Question

solve by using Bernoulli's equation:
xy'+y=-6xy^2

Answer 1

\[\begin{align*}
xy'+y&=-6xy^2\\\\
y^{-2}y'+\frac{1}{x}y^{-1}&=-6\\\\
-v'+\frac{1}{x}v&=-6&\text{where }v=y^{-1}\text{ and }v'=-y^{-2}y'\\\\
v'-\frac{1}{x}v&=6
\end{align*}\]
which is a linear equation. Find the integrating factor.

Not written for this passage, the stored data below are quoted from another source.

Lemma inv_sqrt_vers_compl m d e : (d + e = m)%nat ->
  inv_sqrt_vers m e = inv_sqrt_vers m d.
Proof.
  intros Hm; destruct (Nat.eq_dec m 0) as [->|Hm0].
  - now replace d with 0%nat by lia; replace e with 0%nat by lia.
  - unfold inv_sqrt_vers; rewrite <- sin_PI_x; do 3 f_equal.
    rewrite <- Hm, plus_INR; field; rewrite <- plus_INR, Hm; apply not_0_INR, Hm0.
Qed.

Lemma inv_sqrt_vers_half m d : (d + d = m)%nat -> (0 < m)%nat ->
  inv_sqrt_vers m d = / sqrt 2.
Proof.
  intros Hm Hm0; unfold inv_sqrt_vers.
  replace (PI * INR d / INR m) with (PI / 2).
  - rewrite sin_PI2; f_equal; ring.
  - rewrite <- Hm, plus_INR; field.
    assert (0 < INR d) by (apply lt_0_INR; lia); lra.
Qed.

Lemma vers_sum_split N m : (5 <= m)%nat ->
  vers_sum N m = 2 * (inv_sqrt_vers m 1 ^ N + inv_sqrt_vers m 2 ^ N)
                 + sum_range (fun d => inv_sqrt_vers m d ^ N) 3 (m - 5).
Proof.
  intros Hm; unfold vers_sum.
  replace (m - 1)%nat with (S (S (S (S (m - 5))))) by lia.
  rewrite !sum_range_peel.
  rewrite (inv_sqrt_vers_compl m 1 (1 + S (S (S (m - 5))))),
          (inv_sqrt_vers_compl m 2 (2 + S (m - 5))) by lia.
  ring.
Qed.

Lemma vers_sum_ge_first_two N m : (5 <= m)%nat ->
  2 * (inv_sqrt_vers m 1 ^ N + inv_sqrt_vers m 2 ^ N) <= vers_sum N m.
Proof.
  intros Hm; rewrite vers_sum_split by exact Hm.
  enough (INR (m - 5) * 0 <= sum_range (fun d => inv_sqrt_vers m d ^ N) 3 (m - 5)) by lra.
  apply sum_range_lower_bound; intros d Hd.
  apply pow_le; left; apply inv_sqrt_vers_pos; lia.
Qed.

Lemma sin_ge_sin_PI4 x : PI / 4 <= x <= 3 * PI / 4 -> / sqrt 2 <= sin x.
Proof.
  intros Hx; pose proof PI_RGT_0.
  replace (/ sqrt 2) with (sin (PI / 4)) by (rewrite sin_PI4; field;
    apply Rgt_not_eq, sqrt_lt_R0; lra).
  destruct (Rle_dec x (PI / 2)).
  - apply sin_incr_1; lra.
  - rewrite <- (sin_PI_x x); apply sin_incr_1; lra.
Qed.

Lemma inv_sqrt_vers_le_1 m d : (m <= 4)%nat -> (1 <= d < m)%nat -> inv_sqrt_vers m d <= 1.
Proof.
  intros Hm Hdm; pose proof PI_RGT_0.
  assert (Hd4 : INR m <= 4 * INR d /\ 4 * INR d <= 3 * INR m).
  { replace 4 with (INR 4) by (simpl; lra); replace 3 with (INR 3) by (simpl; lra).
    rewrite <- !mult_INR; split; apply le_INR; lia. }
  assert (0 < INR m) by (apply lt_0_INR; lia).
  assert (Hs : / sqrt 2 <= sin (PI * INR d / INR m)).
  { apply sin_ge_sin_PI4; split;
      [apply (Rmult_le_reg_r (4 * INR m)) | apply (Rmult_le_reg_r (4 * INR m))];
      try lra; field_simplify; nra. }
  pose proof sqrt2_bounds.
  assert (sqrt 2 * / sqrt 2 = 1) by (apply Rinv_r; lra).
  unfold inv_sqrt_vers; rewrite <- Rinv_1; apply Rinv_le_contravar; [lra | nra].
Qed.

The equation is also separable, so that's another way to solve it.

Answer 2

Oops, forget what I said about separability

Answer 3

ok, so far I already did that and from there I solved for \[\mu(x)=e^{\int\limits1/xdx}\]

Answer 4

which equals to e^(lnx)=x, then I multiplied x to the equation \[\nu \prime-\frac{ 1 }{ x }\nu ^{-1}=6\]

Answer 5

Right, so you have
\[xv'-v=6x\]
The left side is a derivative:
\[\frac{d}{dx}[xv]=6x\]
Integrate both sides
\[xv=\int6x~dx\]
and so on.

Answer 6

which equals to \[xv'-v=6x\], then I took the integral of the right side only since the left side is the resultant of the derivative of the product rule \[xv=\int\limits{6xdx}\]

Answer 7

oops I just noticed that you had replied that, ok well I pretty much solved the problem already, but I just want to make sure that I did it right...or at least to see if others, such as you are getting the same answer.....

Answer 8

so I got \[v=3x+c\] and since y is the reciprocal of v then \[y=\frac{ 1 }{ 3x+c }\] oh and I forgot to mention that the initial condition is y(1)=-6

Answer 9

so therefore, I ended up solving for c, which c=-19/6, therefore,
\[y=\frac{ 1 }{ 3x-\frac{ 19 }{ 6 }}\]

Answer 10

can someone please let me know if you got the same answer!!!!

Answer 11

\[v \prime-\frac{ 1 }{ x }v=6\]
\[I.F.=e ^{\int\limits \frac{ -1 }{ x }dx}=e ^{-\ln x}=e ^{\ln x ^{-1}}=x ^{-1}=\frac{ 1 }{ x }\]
\[v*\frac{ 1 }{ x }=\int\limits 6*\frac{ 1 }{ x }dx+c\]
\[y ^{-1}*\frac{ 1 }{ x }=6\ln x+c\]